You can access `clusterlint` using three different methods:

- **Control panel** - To view `clusterlint` messages from the control panel, click **Kubernetes** in the main menu, then select your cluster from the list of clusters. From the cluster’s **Overview** page, under **Production Readiness Check**, click **Run Check**. After the card updates, it displays any `clusterlint` results.
- **DigitalOcean API call** - [Send a diagnostic request](https://developers.digitalocean.com/documentation/v2/#run-clusterlint-checks-on-a-kubernetes-cluster) to the DigitalOcean API and then [retrieve the results](https://developers.digitalocean.com/documentation/v2/#fetch-clusterlint-diagnostics-for-a-kubernetes-cluster).
- **Command line tool** - [Install `clusterlint` from the command line](https://github.com/digitalocean/clusterlint) and begin using it to access your clusters.

For a list of common `clusterlint` errors and their respective fixes, see [Clusterlint Error Fixes](https://docs.digitalocean.com/support/clusterlint-error-fixes/index.html.md).

## Check Reconciler Messages

The DOKS reconciler checks the [managed elements of the cluster](https://docs.digitalocean.com/products/kubernetes/details/managed/index.html.md) during cluster reconciliation and returns information about any issues.
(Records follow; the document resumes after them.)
Lemma sum_leadsto_chords n (P : {set 'I_n}) (V : zmodType) (F : 'I_n * 'I_n -> V)
    (a b : 'I_n) :
  (forall x y, F (x, y) = F (y, x)) -> isChord P (a, b) ->
  \sum_(c | isChord setT c && leadsto P c (a, b)) F c =
  \sum_(x | prevP P x == a) \sum_(y | prevP P y == b) F (x, y).
Proof.
move=> Fsym /and5P[/= aP _ ab nba nab].
have nzP : exists t, t \in P by exists a.
have ab' : a != b by rewrite neq_ltn ab.
pose A (c : 'I_n * 'I_n) := (prevP P c.1 == a) && (prevP P c.2 == b).
pose B (c : 'I_n * 'I_n) := (prevP P c.1 == b) && (prevP P c.2 == a).
have chordA c : A c -> isChord setT c = (c.1 < c.2)%N.
  by case: c => x y /andP[/eqP hx /eqP hy]; apply: isChord_setT_leadsto hx hy _ _ _.
have chordB c : B c -> isChord setT c = (c.1 < c.2)%N.
  case: c => x y /andP[/eqP hx /eqP hy].
  by apply: isChord_setT_leadsto hx hy _ _ _; rewrite // eq_sym.
have notAB c : A c -> B c = false.
  by rewrite /B => /andP[/eqP -> _]; rewrite (negbTE ab').
rewrite (bigID A) /=.
rewrite (eq_bigl (fun c => A c && (c.1 < c.2)%N)); last first.
  move=> c; rewrite leadstoE // -/(A c) -/(B c).
  have [Ac|_] := boolP (A c); last by rewrite !andbF.
  by rewrite chordA //= !andbT.
rewrite [X in _ + X](eq_bigl (fun c => B c && (c.1 < c.2)%N)); last first.
  move=> c; rewrite leadstoE // -/(A c) -/(B c).
  have [Ac|_] := boolP (A c); first by rewrite notAB ?andbF.
  have [Bc|_] := boolP (B c); last by rewrite /= andbF.
  by rewrite chordB //= !andbT.
rewrite pair_big_dep [RHS](bigID (fun c : 'I_n * 'I_n => (c.1 < c.2)%N)) /=.
congr (_ + _); first by apply: eq_bigr => -[].
rewrite (reindex (fun c : 'I_n * 'I_n => (c.2, c.1))) /=; last first.
  by apply: onW_bij; exists (fun c : 'I_n * 'I_n => (c.2, c.1)); case.
apply: eq_big => [[x y]|[x y] _] /=; last exact: Fsym.
rewrite /B /= [(prevP P y == b) && _]andbC.
case: (ltngtP x y) => [_|_|/val_inj <-]; rewrite ?andbT ?andbF //.
by case: eqP => // ->; rewrite (negbTE ab').
Qed.

Lemma sum_omega_setT_prevP n (P : {set 'I_n}) (a b : 'I_n) z :
  a \in P -> b \in P -> a != b ->
  \sum_(x | prevP P x == a) \sum_(y | prevP P y == b) omega [set: 'I_n] (x, y) z =
  omega P (a, b) z.
Proof.
move=> aP bP ab.
have reorder (V : zmodType) (u v w t : V) : u + v - w - t = (u - w) - (t - v).
  by rewrite opprB addrA -[u + v - w]addrA [v - w]addrC addrA.
pose h x := dlogdiff x (nextP P b) z - dlogdiff x b z.
have inner x : \sum_(y | prevP P y == b) omega [set: 'I_n] (x, y) z = h x - h (ordS x).
  under eq_bigr do rewrite omegaE /= !nextP_setT reorder.
  by rewrite sumrB (telescope_prevP (fun y => dlogdiff x y z) bP aP ab)
    (telescope_prevP (fun y => dlogdiff (ordS x) y z) bP aP ab).
under eq_bigr do rewrite inner.
rewrite (eq_bigr (fun x => (- h (ordS x)) - (- h x))); last by move=> x _; rewrite opprK addrC.
have ba : b != a by rewrite eq_sym.
by rewrite (telescope_prevP (fun x => - h x) aP bP ba) opprK omegaE /= reorder addrC.
Qed.
Lemma wsummable_bounded u K : (forall n, Rabs (u n) <= K) -> wsummable u.
Proof.
  intros Hu. apply (@ex_series_le R_AbsRing R_CompleteNormedModule _ (fun n => K * theta ^ S n)).
  - intros n. change (Rabs (theta ^ S n * u n) <= K * theta ^ S n).
    rewrite Rabs_mult, (Rabs_right (theta ^ S n)) by (left; apply theta_pow_pos).
    rewrite Rmult_comm. apply Rmult_le_compat_r; [left; apply theta_pow_pos | apply Hu].
  - exact (ex_series_scal_l K _ ex_series_theta_pow).
Qed.

Lemma wsummable_plus u v : wsummable u -> wsummable v -> wsummable (fun n => u n + v n).
Proof.
  intros Hu Hv. apply (@ex_series_Rext (fun n => theta ^ S n * u n + theta ^ S n * v n)).
  - intros n. ring.
  - exact (ex_series_Rplus Hu Hv).
Qed.

Lemma wsummable_minus u v : wsummable u -> wsummable v -> wsummable (fun n => u n - v n).
Proof.
  intros Hu Hv. apply (@ex_series_Rext (fun n => theta ^ S n * u n - theta ^ S n * v n)).
  - intros n. ring.
  - exact (ex_series_Rminus Hu Hv).
Qed.

Lemma wsum_plus u v :
  wsummable u -> wsummable v -> wsum (fun n => u n + v n) = wsum u + wsum v.
Proof.
  intros Hu Hv. unfold wsum. rewrite <- Series_plus by assumption.
  apply Series_ext. intros n. ring.
Qed.

Lemma wsum_minus u v :
  wsummable u -> wsummable v -> wsum (fun n => u n - v n) = wsum u - wsum v.
Proof.
  intros Hu Hv. unfold wsum. rewrite <- Series_minus by assumption.
  apply Series_ext. intros n. ring.
Qed.

Lemma wsum_le u v :
  wsummable u -> wsummable v -> (forall n, u n <= v n) -> wsum u <= wsum v.
Proof.
  intros Hu Hv Huv. apply Series_monotone; [exact Hu | exact Hv |].
  intros n. apply Rmult_le_compat_l; [left; apply theta_pow_pos | apply Huv].
Qed.

Lemma wsum_ge0 u : wsummable u -> (forall n, 0 <= u n) -> 0 <= wsum u.
Proof.
  intros Hu Hpos. apply Series_ge0; [| exact Hu].
  intros n. apply Rmult_le_pos; [left; apply theta_pow_pos | apply Hpos].
Qed.

Lemma wsum_ge_term u n : wsummable u -> (forall k, 0 <= u k) -> theta ^ S n * u n <= wsum u.
Proof.
  intros Hu Hpos. apply (@Series_ge_term (fun k => theta ^ S k * u k)); [| exact Hu].
  intros k. apply Rmult_le_pos; [left; apply theta_pow_pos | apply Hpos].
Qed.

Lemma wsum_const c : wsum (fun _ => c) = c * (theta / (1 - theta)).
Proof.
  unfold wsum. rewrite (Series_ext _ (fun n => c * theta ^ S n)) by (intros; ring).
  rewrite Series_scal_l, Series_theta_pow. reflexivity.
Qed.

Definition tail_indicator (N n : nat) : R := if (n <? N)%nat then 0 else 1.

Lemma wsum_tail_indicator N : wsum (tail_indicator N) = theta ^ N * (theta / (1 - theta)).
Proof.
  unfold wsum. rewrite (Series_incr_n_aux _ N).
  - rewrite (Series_ext _ (fun k => theta ^ N * theta ^ S k)).
    + rewrite Series_scal_l, Series_theta_pow. reflexivity.
    + intros k. unfold tail_indicator.
      replace (N + k <? N)%nat with false by (symmetry; apply Nat.ltb_ge; lia).
      rewrite <- pow_add. replace (S (N + k)) with (N + S k)%nat by lia. ring.
  - intros k Hk. unfold tail_indicator.
    replace (k <? N)%nat with true by (symmetry; apply Nat.ltb_lt; exact Hk). ring.
Qed.

Lemma wsum_le_head_tail u eps N :
  wsummable u -> 0 <= eps -> (forall n, u n <= 1) -> (forall n, (n < N)%nat -> u n <= eps) ->
  wsum u <= (eps + theta ^ N) * (theta / (1 - theta)).
Proof.
  intros Hu Heps Hle1 Hhead.
  assert (Hsum : wsummable (fun n => eps + tail_indicator N n)).
  { apply wsummable_bounded with (K := eps + 1). intros n. unfold tail_indicator.
    destruct (n <? N)%nat; rewrite Rabs_right; lra. }
  apply Rle_trans with (wsum (fun n => eps + tail_indicator N n)).
  - apply wsum_le; [exact Hu | exact Hsum |].
    intros n. unfold tail_indicator. destruct (Nat.ltb_spec n N) as [Hn | Hn].
    + specialize (Hhead n Hn). lra.
    + specialize (Hle1 n). lra.
  - rewrite wsum_plus, wsum_const, wsum_tail_indicator.
    + lra.
    + apply wsummable_bounded with (K := Rabs eps). intros n. lra.
    + apply wsummable_bounded with (K := 1). intros n. unfold tail_indicator.
      destruct (n <? N)%nat; rewrite Rabs_right; lra.
Qed.
End GeometricWeights.

Section FunctionSpace.
Variables X Y : Type.
Variable leX : X -> X -> Prop.
Variable leY : Y -> Y -> Prop.
Hypothesis poX : is_partial_order leX.
Hypothesis poY : is_partial_order leY.
Hypothesis dcpoY : forall D, directed leY D -> exists s, is_lub leY D s.
Hypothesis bcY : bounded_complete leY.

Local Notation F := (cfun leX leY).
Local Notation cle := (@cfun_le X Y leX leY).
Local Notation fv f := (proj1_sig f).

Lemma cfun_monotone (f : F) x y : leX x y -> leY (fv f x) (fv f y).
Proof. apply (proj1 (proj2_sig f)). Qed.

Lemma cfun_lub (f : F) D s :
  directed leX D -> is_lub leX D s -> is_lub leY (image (fv f) D) (fv f s).
Proof. apply (proj2 (proj2_sig f)). Qed.

Lemma cfun_ext (f g : F) : (forall x, fv f x = fv g x) -> f = g.
Proof.
  destruct f as [f Hf], g as [g Hg]; simpl. intros Hfg.
  assert (f = g) as <- by (extensionality x; apply Hfg).
  f_equal. apply proof_irrelevance.
Qed.

Lemma cfun_le_partial_order : is_partial_order cle.
Proof.
  split; [| split].
  - intros f x. apply (po_refl poY).
  - intros f g Hfg Hgf. apply cfun_ext. intros x. exact (po_antisym poY (Hfg x) (Hgf x)).
  - intros f g h Hfg Hgh x. exact (po_trans poY (Hfg x) (Hgh x)).
Qed.

(* The last two hypotheses express monotonicity and continuity of
   [x |-> \/ S x] without referring to the joins themselves. *)
Lemma exists_cfun_of_lubs (S : X -> Y -> Prop) :
  (forall x, exists j, is_lub leY (S x) j) ->
  (forall x x' y u, leX x x' -> S x y -> (forall y', S x' y' -> leY y' u) -> leY y u) ->
  (forall D s y u, directed leX D -> is_lub leX D s -> S s y ->
     (forall d y', D d -> S d y' -> leY y' u) -> leY y u) ->
  exists h : F, forall x, is_lub leY (S x) (fv h x).
Proof.
  intros Hex Hmono Hcont. destruct (choice _ Hex) as [h Hh].
  assert (Hhmono : forall x x', leX x x' -> leY (h x) (h x')).
  { intros x x' Hxx'. apply (Hh x). intros y Hy.
    apply (Hmono x x' y (h x') Hxx' Hy). apply (Hh x'). }
  assert (Hhcont : scott_continuous leX leY h).
  { split; [exact Hhmono |]. intros D s HD Hs. split.
    - intros y [d [Hd <-]]. apply Hhmono, Hs, Hd.
    - intros u Hu. apply (Hh s). intros y Hy.
      apply (Hcont D s y u HD Hs Hy). intros d y' Hd Hy'.
      apply (po_trans poY (y := h d)); [apply (Hh d), Hy' | apply Hu; exists d; auto]. }
  exists (exist _ h Hhcont). exact Hh.
Qed.

Lemma cfun_directed_lub D :
  directed cle D -> exists t : F, forall x, is_lub leY (image (fun d => fv d x) D) (fv t x).
Proof.
  intros HD. apply exists_cfun_of_lubs.
  - intros x. apply dcpoY, (image_directed (fun f g (Hfg : cle f g) => Hfg x) HD).
  - intros x x' y u Hxx' [d [Hd <-]] Hu.
    apply (po_trans poY (cfun_monotone d Hxx')). apply Hu. exists d; auto.
  - intros S s y u HS Hs [d [Hd <-]] Hu.
    apply (cfun_lub d HS Hs). intros z [e [He <-]]. apply (Hu e). exact He. exists d; auto.
Qed.

Lemma cfun_lub_pointwise D s :
  directed cle D -> is_lub cle D s ->
  forall x, is_lub leY (image (fun d => fv d x) D) (fv s x).
Proof.
  intros HD Hs x. destruct (cfun_directed_lub HD) as [t Ht]. split.
  - intros y [d [Hd <-]]. apply Hs, Hd.
  - intros u Hu. apply (po_trans poY (y := fv t x)); [| apply (Ht x), Hu].
    apply Hs. intros d Hd z. apply (Ht z). exists d; auto.
Qed.

Definition step_le (l : list (X * Y)) (x : X) (y : Y) : Prop :=
  exists b, In (b, y) l /\ leX b x.

Definition approx_list (f : F) (l : list (X * Y)) : Prop :=
  forall b c, In (b, c) l -> compact leX b /\ compact leY c /\ leY c (fv f b).

Definition step_fun (l : list (X * Y)) (h : F) : Prop :=
  forall x, is_lub leY (step_le l x) (fv h x).

Lemma step_le_finite l x : exists l', forall y, In y l' <-> step_le l x y.
Proof.
  induction l as [| [b c] l [l' Hl']].
  - exists nil. intros y. split; [intros [] | intros [b [[] _]]].
  - destruct (classic (leX b x)) as [Hbx | Hbx]; [exists (c :: l') | exists l'];
      intros y; split.
    + intros [<- | Hy]; [exists b; simpl; auto |].
      destruct (proj1 (Hl' y) Hy) as [b' [Hin Hb']]. exists b'. simpl. auto.
    + intros [b' [[Heq | Hin] Hb']]; [injection Heq as -> ->; left; reflexivity |].
      right. apply Hl'. exists b'. auto.
    + intros Hy. destruct (proj1 (Hl' y) Hy) as [b' [Hin Hb']]. exists b'. simpl. auto.
    + intros [b' [[Heq | Hin] Hb']]; [injection Heq as -> ->; contradiction |].
      apply Hl'. exists b'. auto.
Qed.

Lemma exists_step_fun f l : approx_list f l -> exists h, step_fun l h.
Proof.
  intros Hl. apply exists_cfun_of_lubs.
  - intros x. destruct (step_le_finite l x) as [l' Hl'].
    destruct (bcY (l := l')) as [j Hj].
    + exists (fv f x). intros y Hy. destruct (proj1 (Hl' y) Hy) as [b [Hin Hbx]].
      apply (po_trans poY (y := fv f b)); [apply (Hl b y Hin) | apply cfun_monotone, Hbx].
    + exists j. exact (is_lub_ext Hl' Hj).
  - intros x x' y u Hxx' [b [Hin Hbx]] Hu. apply Hu. exists b. split; [exact Hin |].
    exact (po_trans poX Hbx Hxx').
  - intros D s y u HD Hs [b [Hin Hbs]] Hu.
    destruct (proj1 (Hl b y Hin) D s HD Hs Hbs) as [d [Hd Hbd]].
    apply (Hu d); [exact Hd | exists b; auto].
Qed.

Lemma step_fun_ge l h b c x : step_fun l h -> In (b, c) l -> leX b x -> leY c (fv h x).
Proof. intros Hh Hin Hbx. apply (Hh x). exists b. auto. Qed.

Lemma step_fun_le l h g :
  step_fun l h -> (forall b c, In (b, c) l -> leY c (fv g b)) -> cle h g.
Proof.
  intros Hh Hg x. apply (Hh x). intros y [b [Hin Hbx]].
  exact (po_trans poY (Hg b y Hin) (cfun_monotone g Hbx)).
Qed.

Lemma step_fun_way_below f l h : approx_list f l -> step_fun l h -> way_below cle h f.
Proof.
  intros Hl Hh D s HD Hs Hfs.
  assert (Hd : exists d, D d /\ forall b c, In (b, c) l -> leY c (fv d b)).
  { clear Hh. induction l as [| [b c] l IH].
    - destruct (proj1 HD) as [d Hd]. exists d. split; [exact Hd | intros b c []].
    - destruct IH as [d2 [Hd2 Hd2l]]; [intros b' c' Hin; apply Hl; right; exact Hin |].
      destruct (Hl b c (or_introl eq_refl)) as [_ [Hc Hcf]].
      destruct (Hc _ _ (image_directed (f := fun d => fv d b) (fun f g Hfg => Hfg b) HD)
                  (cfun_lub_pointwise HD Hs b) (po_trans poY Hcf (Hfs b)))
        as [y [[d1 [Hd1 <-]] Hcd1]].
      destruct (proj2 HD _ _ Hd1 Hd2) as [d3 [Hd3 [H13 H23]]].
      exists d3. split; [exact Hd3 |]. intros b' c' [Heq | Hin].
      + injection Heq as <- <-. exact (po_trans poY Hcd1 (H13 b)).
      + exact (po_trans poY (Hd2l b' c' Hin) (H23 b')). }
  destruct Hd as [d [Hd Hdl]]. exists d. split; [exact Hd |].
  exact (step_fun_le Hh Hdl).
Qed.

Definition approximant (f h : F) : Prop := exists l, approx_list f l /\ step_fun l h.

Lemma approximants_directed f : directed cle (approximant f).
Proof.
  split.
  - assert (Hnil : approx_list f nil) by (intros b c []).
    destruct (exists_step_fun Hnil) as [h Hh]. exists h, nil. auto.
  - intros h1 h2 [l1 [Hl1 Hh1]] [l2 [Hl2 Hh2]].
    assert (Hl : approx_list f (l1 ++ l2)).
    { intros b c Hin. apply in_app_or in Hin as [Hin | Hin]; auto. }
    destruct (exists_step_fun Hl) as [h Hh].
    exists h. split; [exists (l1 ++ l2); auto |].
    split; [apply (step_fun_le Hh1) | apply (step_fun_le Hh2)];
      intros b c Hin; apply (step_fun_ge Hh (b := b));
      solve [apply in_or_app; auto | apply (po_refl poX)].
Qed.

Hypothesis algX : is_basis leX (compact leX).
Hypothesis algY : is_basis leY (compact leY).

Lemma approximants_lub f : is_lub cle (approximant f) f.
Proof.
  split.
  - intros h [l [Hl Hh]]. apply (step_fun_le Hh). intros b c Hin. apply (Hl b c Hin).
  - intros u Hu x. destruct (algX x) as [HDx HLx].
    apply (cfun_lub f HDx HLx). intros y [b [[Hb Hbx] <-]].
    destruct (algY (fv f b)) as [HDb HLb]. apply HLb. intros c [Hc Hcb].
    assert (Hl : approx_list f ((b, c) :: nil)).
    { intros b' c' [Heq | []]. injection Heq as <- <-.
      exact (conj Hb (conj Hc (way_below_le poY Hcb))). }
    destruct (exists_step_fun Hl) as [h Hh].
    apply (po_trans poY (y := fv h x)).
    + apply (step_fun_ge Hh (b := b)); [left; reflexivity | exact (way_below_le poX Hbx)].
    + apply Hu. exists ((b, c) :: nil). auto.
Qed.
These include issues related to account and resource limits and do not contain information about events inside the cluster.

### How to do this?

You can access the reconciler messages by navigating to the **Overview** tab of your cluster in the DigitalOcean Control Panel.

The messages only appear if the reconciler finds any issues. Review each message and follow the instructions in the message to fix the issue. These are not real-time messages, which means that if you resolve the issue, it may take some time for its status to update.